Scaling Relations of the Dusty Torus with Luminosity and the Broad-Line Region
Ashraf Ayubinia, Jong-Hak Woo, Shu Wang, Amit Kumar Mandal, Donghoon Son
TL;DR
This work jointly analyzes dust-reverberation lags from WISE W1/W2 and Hβ BLR lags to map the dusty torus size as a function of AGN luminosity in 182 low-redshift AGNs. Employing accretion-disk contamination corrections and rigorous lag measurements via ICCF and MICA, the study finds torus sizes scale sub-linearly with optical and MIR luminosities (R_tor ∝ L^{~0.34}), with intrinsic scatters ~0.15–0.16 dex, and a torus radius typically 10–14 times larger than the BLR. The BLR–torus size relation is near-linear, with R_BLR ≈ R_tor^{1.1–1.28}, consistent with interferometric constraints, and the torus size–luminosity trend shows hints of dependence on Eddington ratio, possibly due to anisotropic disk emission and self-shadowing in slim disks. These results imply that MIR dust lags can serve as independent tracers for AGN structure and SMBH mass estimation, and they motivate further high-cadence MIR monitoring to refine the torus scaling, particularly at lower luminosities.
Abstract
We measure and compare the size of the dusty torus with active galactic nucleus (AGN) luminosity and the size of the broad-line region (BLR), using a sample of 182 AGNs with the best H$β$ lag measurements.

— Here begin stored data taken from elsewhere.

Lemma gap_continuous x t : a <= x <= b -> in_time T t -> continuous (uncurry2 gap) (x, t).
Proof.
intros hx ht. apply (@continuous_minus (prod_UniformSpace R_UniformSpace R_UniformSpace)
  R_AbsRing R_NormedModule (uncurry2 fp) (uncurry2 fm));
  [apply (Hfp x t)|apply (Hfm x t)]; assumption.
Qed.

Lemma gap_ex_RInt p q t : a <= p -> p <= q -> q <= b -> in_time T t ->
  ex_RInt (fun x => gap x t) p q.
Proof.
intros ap pq qb ht. apply (@ex_RInt_minus R_NormedModule); apply C1_ex_RInt_x; assumption.
Qed.

(* [vel_sup] is [real] of a [Lub_Rbar], a junk 0 if the set were unbounded;
   continuity of the velocity on the compact region between the arcs excludes
   this. *)
Lemma vel_sup_spec t : in_time T t -> 0 <= U t /\
  forall x y, a <= x <= b -> fm x t <= y <= fp x t -> vel_norm psi x y t <= U t.
Proof.
intros ht.
destruct (C1_bounded_x fm Hfm t ht) as [Km HKm].
destruct (C1_bounded_x fp Hfp t ht) as [Kp HKp].
destruct (stream_velocity_bounded t (Rabs Km + Rabs Kp) ht) as [M HM].
{ assert (H1 := Rabs_pos Km). assert (H2 := Rabs_pos Kp). lra. }
set (E := fun r => exists x1 x2, a <= x1 <= b /\ fm x1 t <= x2 <= fp x1 t /\
                    r = vel_norm psi x1 x2 t).
assert (Ea : E (vel_norm psi a (fm a t) t)).
{ exists a, (fm a t). split; [lra|]. split; [|reflexivity].
  split; [lra|]. left; apply Hord; [lra|exact ht]. }
assert (HE : forall r, E r -> r <= real (Lub_Rbar E)).
{ apply (Lub_Rbar_real_ub E _ M Ea). intros r [x1 [x2 [hx [hy ->]]]]. apply HM; [exact hx|].
  assert (Bm := proj1 (Rabs_le_between _ _) (HKm x1 hx)).
  assert (Bp := proj1 (Rabs_le_between _ _) (HKp x1 hx)).
  assert (Rm := Rle_abs Km). assert (Rp := Rle_abs Kp).
  assert (Pm := Rabs_pos Km). assert (Pp := Rabs_pos Kp). lra. }
split.
- apply Rle_trans with (2 := HE _ Ea). apply sqrt_pos.
- intros x y hx hy. apply HE. exists x, y. auto.
Qed.

Lemma flux_bound x t : a <= x <= b -> in_time T t -> Rabs (flux x t) <= U t * gap x t.
Proof.
intros hx ht.
assert (hlt := Hord x t hx ht).
assert (Hd : forall z, ex_derive (fun y => psi x y t) z) by
  (intros z; exact (proj2 (Hpsi nil x z t ht) 1%nat)).
destruct (MVT_gen (fun y => psi x y t) (fm x t) (fp x t) (fun y => pd3 1 psi x y t))
  as [c [hc Hc]].
- intros z _. apply Derive_correct, Hd.
- intros z _. apply continuity_pt_filterlim.
  exact (@ex_derive_continuous R_AbsRing R_NormedModule _ z (Hd z)).
rewrite Rmin_left, Rmax_right in hc by lra.
unfold flux, gap. rewrite Hc, Rabs_mult, (Rabs_pos_eq (fp x t - fm x t)) by lra.
apply Rmult_le_compat_r; [lra|].
apply Rle_trans with (vel_norm psi x c t); [|apply (proj2 (vel_sup_spec t ht)); assumption].
unfold vel_norm. apply Rle_trans with (2 := proj1 (sqrt_plus_sqr _ _)).
unfold vel1. rewrite Rabs_Ropp. apply Rmax_l.
Qed.

Lemma flux_continuous x t : a <= x <= b -> in_time T t -> continuous (flux x) t.
Proof.
intros hx ht.
apply (@continuous_minus R_UniformSpace R_AbsRing R_NormedModule);
  apply stream_along_front_continuous; assumption.
Qed.

Hypotheses (Hflow_m : moves_with_flow fm) (Hflow_p : moves_with_flow fp).

Lemma RInt_d_t_gap p q t : a <= p -> p <= q -> q <= b -> in_time T t ->
  RInt (fun x => d_t fp x t - d_t fm x t) p q = flux q t - flux p t.
Proof.
intros ap pq qb ht.
apply is_RInt_unique, (is_RInt_derive (fun x => flux x t)).
- intros x Hx. rewrite Rmin_left, Rmax_right in Hx by lra.
  apply (@is_derive_minus R_AbsRing R_NormedModule); apply stream_along_front_derive;
    try assumption; lra.
- intros x Hx. rewrite Rmin_left, Rmax_right in Hx by lra.
  apply (@continuous_minus R_UniformSpace R_AbsRing R_NormedModule);
    apply continuous_uncurry2_l; [apply (Hfp x t)|apply (Hfm x t)]; try assumption; lra.
Qed.

Lemma gap_area_derive p q t : a <= p -> p <= q -> q <= b -> 0 < t -> in_time T t ->
  is_derive (fun s => RInt (fun x => gap x s) p q) t (flux q t - flux p t).
Proof.
intros ap pq qb t_pos ht.
rewrite <- RInt_d_t_gap by assumption.
rewrite (RInt_minus (V := R_CompleteNormedModule)).
2, 3: apply (@ex_RInt_continuous R_CompleteNormedModule); intros x Hx;
  rewrite Rmin_left, Rmax_right in Hx by lra; apply continuous_uncurry2_l;
  first [apply (Hfp x t) | apply (Hfm x t)]; try assumption; lra.
apply (is_derive_ext_loc (fun s => RInt (fun x => fp x s) p q - RInt (fun x => fm x s) p q)).
- apply (filter_imp (fun s => 0 < s /\ in_time T s)); [|apply in_time_locally; assumption].
  intros s [_ hs]. unfold gap. symmetry.
  apply (@RInt_minus R_CompleteNormedModule); apply C1_ex_RInt_x; assumption.
- apply (@is_derive_minus R_AbsRing R_NormedModule); apply C1_is_derive_RInt; assumption.
Qed.
(* A piece of length a is the open interval ]s, s+a[ with s : int.
   A placed piece is a pair (s, h) : int * nat, h being its level (0 = on the axis). *)

(* ]s,s+a[ and ]t,t+a[ intersect iff |s - t| < a *)
Definition concurrent (a : nat) (s t : int) : bool := (`|s - t| < a)%N.

Definition drop_level (a : nat) (H : seq (int * nat)) (s : int) : nat :=
  \max_(p <- H | concurrent a p.1 s) p.2.+1.

Fixpoint build_aux (a : nat) (H : seq (int * nat)) (ss : seq int) : seq (int * nat) :=
  match ss with
  | [::] => H
  | s :: ss' => build_aux a (rcons H (s, drop_level a H s)) ss'
  end.
Definition build (a : nat) (ss : seq int) := build_aux a [::] ss.

Local Open Scope fset_scope.

(* A heap is a configuration (set of placed pieces) obtainable by dropping;
   configurations, not dropping orders, are what is counted. *)
Definition is_heap (a : nat) (H : {fset (int * nat)}) : Prop :=
  exists ss : seq int, uniq (build a ss) /\ H = [fset p | p in build a ss].

Definition is_pyramid (a : nat) (H : {fset (int * nat)}) : Prop :=
  is_heap a H /\ #|` [fset p in H | p.2 == 0%N]| = 1%N.

Definition right0_pyramid (a m : nat) (H : {fset (int * nat)}) : Prop :=
  [/\ is_pyramid a H, ((0:int), 0%N) \in H, (forall p, p \in H -> 0 <= p.1)%R
    & #|` H| = m].

(* t_s = sum_{u=1}^s (a x_u - 1) for the string x (indices shifted to 0-based) *)
Definition tpart (a : nat) (x : seq bool) (s : nat) : int :=
  (\sum_(u < s) ((a%:Z) * (nth false x u)%:Z - 1))%R.

Definition positive_string (a m : nat) (x : seq bool) : Prop :=
  [/\ size x = (a * m)%N, count id x = m
    & forall s, (1 <= s <= a * m)%N -> (0 <= tpart a x s)%R].

From mathcomp Require Import all_boot all_order all_algebra finmap zify.
From Stdlib Require Import ClassicalEpsilon ProofIrrelevance.
Import Order.TTheory GRing.Theory Num.Theory.
Set Implicit Arguments. Unset Strict Implicit. Unset Printing Implicit Defensive.

(* Every heap has exactly one normal dropping order, one in which each piece
   starts left of the right end of its predecessor (s_{i+1} < s_i + a): the
   leftmost topmost piece can always be dropped last, and two normal orders of
   the same heap end with the same piece, since otherwise each last piece would
   lie at least a to the left of the other.  For a right 0-pyramid the normal
   order starts at 0 and stays nonnegative, and conversely any such sequence
   gives a pyramid, because every later piece meets an earlier one.  These
   sequences are exactly the heights t_{s-1} in front of the letters 1 of the
   positive (am,m)-strings: t rises by a - 1 at a 1 and falls by 1 at a 0, so
   the string is recovered by inserting s_i + a - 1 - s_{i+1} letters 0 between
   consecutive 1's. *)

Local Open Scope ring_scope.

Section Dropping.
Variable a : nat.
Hypothesis a_gt0 : (0 < a)%N.

Implicit Types (H : seq (int * nat)) (ss : seq int).

Lemma concurrentC s t : concurrent a s t = concurrent a t s.
Proof. by rewrite /concurrent distnC. Qed.

Lemma concurrent_refl s : concurrent a s s.
Proof. by rewrite /concurrent subrr. Qed.

Lemma drop_level_gt H s p :
  p \in H -> concurrent a p.1 s -> (p.2 < drop_level a H s)%N.
Proof. by move=> pH; apply: (leq_bigmax_seq (F := fun p : int * nat => p.2.+1)). Qed.

Lemma eq_drop_level H1 H2 s : H1 =i H2 -> drop_level a H1 s = drop_level a H2 s.
Proof. by move=> eH; apply: eq_big_idem => //; apply: maxnn. Qed.

Lemma drop_level_nil s : drop_level a [::] s = 0%N.
Proof. by rewrite /drop_level big_nil. Qed.

Lemma drop_level_rcons H p s :
  ~~ concurrent a p.1 s -> drop_level a (rcons H p) s = drop_level a H s.
Proof. by move=> nc; rewrite /drop_level big_rcons (negbTE nc) Monoid.mulm1. Qed.

Lemma build_aux_cat H u v : build_aux a H (u ++ v) = build_aux a (build_aux a H u) v.
Proof. by elim: u H => [|s u IH] H //=. Qed.

Lemma build_rcons ss s :
  build a (rcons ss s) = rcons (build a ss) (s, drop_level a (build a ss) s).
Proof. by rewrite /build -cats1 build_aux_cat. Qed.

Lemma mem_build_aux H ss p : p \in H -> p \in build_aux a H ss.
Proof. by elim: ss H => [|s ss IH] H //= pH; apply: IH; rewrite mem_rcons inE pH orbT. Qed.

Lemma eq_mem_build_aux H1 H2 ss :
  H1 =i H2 -> build_aux a H1 ss =i build_aux a H2 ss.
Proof.
elim: ss H1 H2 => [|s ss IH] H1 H2 //= eH; apply: IH => p.
by rewrite !mem_rcons !inE (eq_drop_level _ eH) eH.
Qed.
(* Let $G(a,b,\lambda)$ and $H(a,b,\lambda)$ be polynomials in $a,b$ whose coefficients are Laurent polynomials in $\lambda$, and let $g=G(\varphi,\varphi',\lambda)$, $h=H(\varphi,\varphi',\lambda)$ (with $\varphi=\varphi(\lambda)$, $\varphi'=d\varphi/d\lambda$) be formal series in $\lambda$ of lowest order $\ge1$, i.e. containing only positive powers of $\lambda$. Then $$[\partial_g,\partial_h]=\partial_{\{g,h\}},\qquad \{g,h\}=h_\varphi\,g-g_\varphi\,h+h_{\varphi'}\,D_\lambda g-g_{\varphi'}\,D_\lambda h,$$ where $g_\varphi=(\partial G/\partial a)(\varphi,\varphi',\lambda)$, $g_{\varphi'}=(\partial G/\partial b)(\varphi,\varphi',\lambda)$ (similarly for $h$), and $D_\lambda$ denotes the derivative $d/d\lambda$ of a formal series in $\lambda$.
   Context: $\varphi^{(1)},\varphi^{(2)},\dots$ are independent variables and $\varphi(\lambda)=1/\lambda+\sum_{k\ge1}\varphi^{(k)}\lambda^k$, a formal Laurent series with coefficients in $R=\mathbb R[\varphi^{(1)},\varphi^{(2)},\dots]$. For a series $f=\sum_{i\ge1}f^{(i)}\lambda^i$ with $f^{(i)}\in R$, $\partial_f$ denotes the derivation $\sum_{i\ge1}f^{(i)}\partial/\partial\varphi^{(i)}$ of $R$, acting on series coefficientwise. *)

From HB Require Import structures.
From mathcomp Require Import all_boot all_order all_algebra.
From mathcomp Require Import finmap.
From mathcomp Require Import monalg.
From mathcomp Require Import reals.

Set Implicit Arguments.
Unset Strict Implicit.
Unset Printing Implicit Defensive.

After correcting for accretion-disk contamination, torus sizes are determined from the time lags of the Wide-field Infrared Survey Explorer W1 and W2 band light curves relative to the optical band variability based on the interpolated cross-correlation function (ICCF) analysis and the Multiple and Inhomogeneous Component Analysis. We find that the torus size from the W1-band (W2-band) tightly correlates with the 5100~Å continuum luminosity with an intrinsic scatter of 0.15-0.16 dex and the best-fit slope of $0.35 \pm 0.03$ ($0.33 \pm 0.03$), which is clearly shallower than the expected 0.5 slope from the sublimation radius-luminosity relation. We find a moderate negative trend that higher Eddington AGNs tend to have smaller torus sizes than expected from the best-fit, suggesting the Eddington ratio plays a role in flattening the torus size-luminosity relation. By comparing the torus size with the H$β$ reverberation time lag for a subsample of 67 AGNs, we find that the torus size is a factor of $\sim 10$ and $\sim 14$ larger than the BLR size, respectively for W1 and W2 bands. The torus size based on the W1 (W2) band correlates with the BLR size with the best-fit slope of $1.28 \pm 0.16$ ($1.10 \pm 0.15$), which is comparable but slightly steeper than a linear correlation.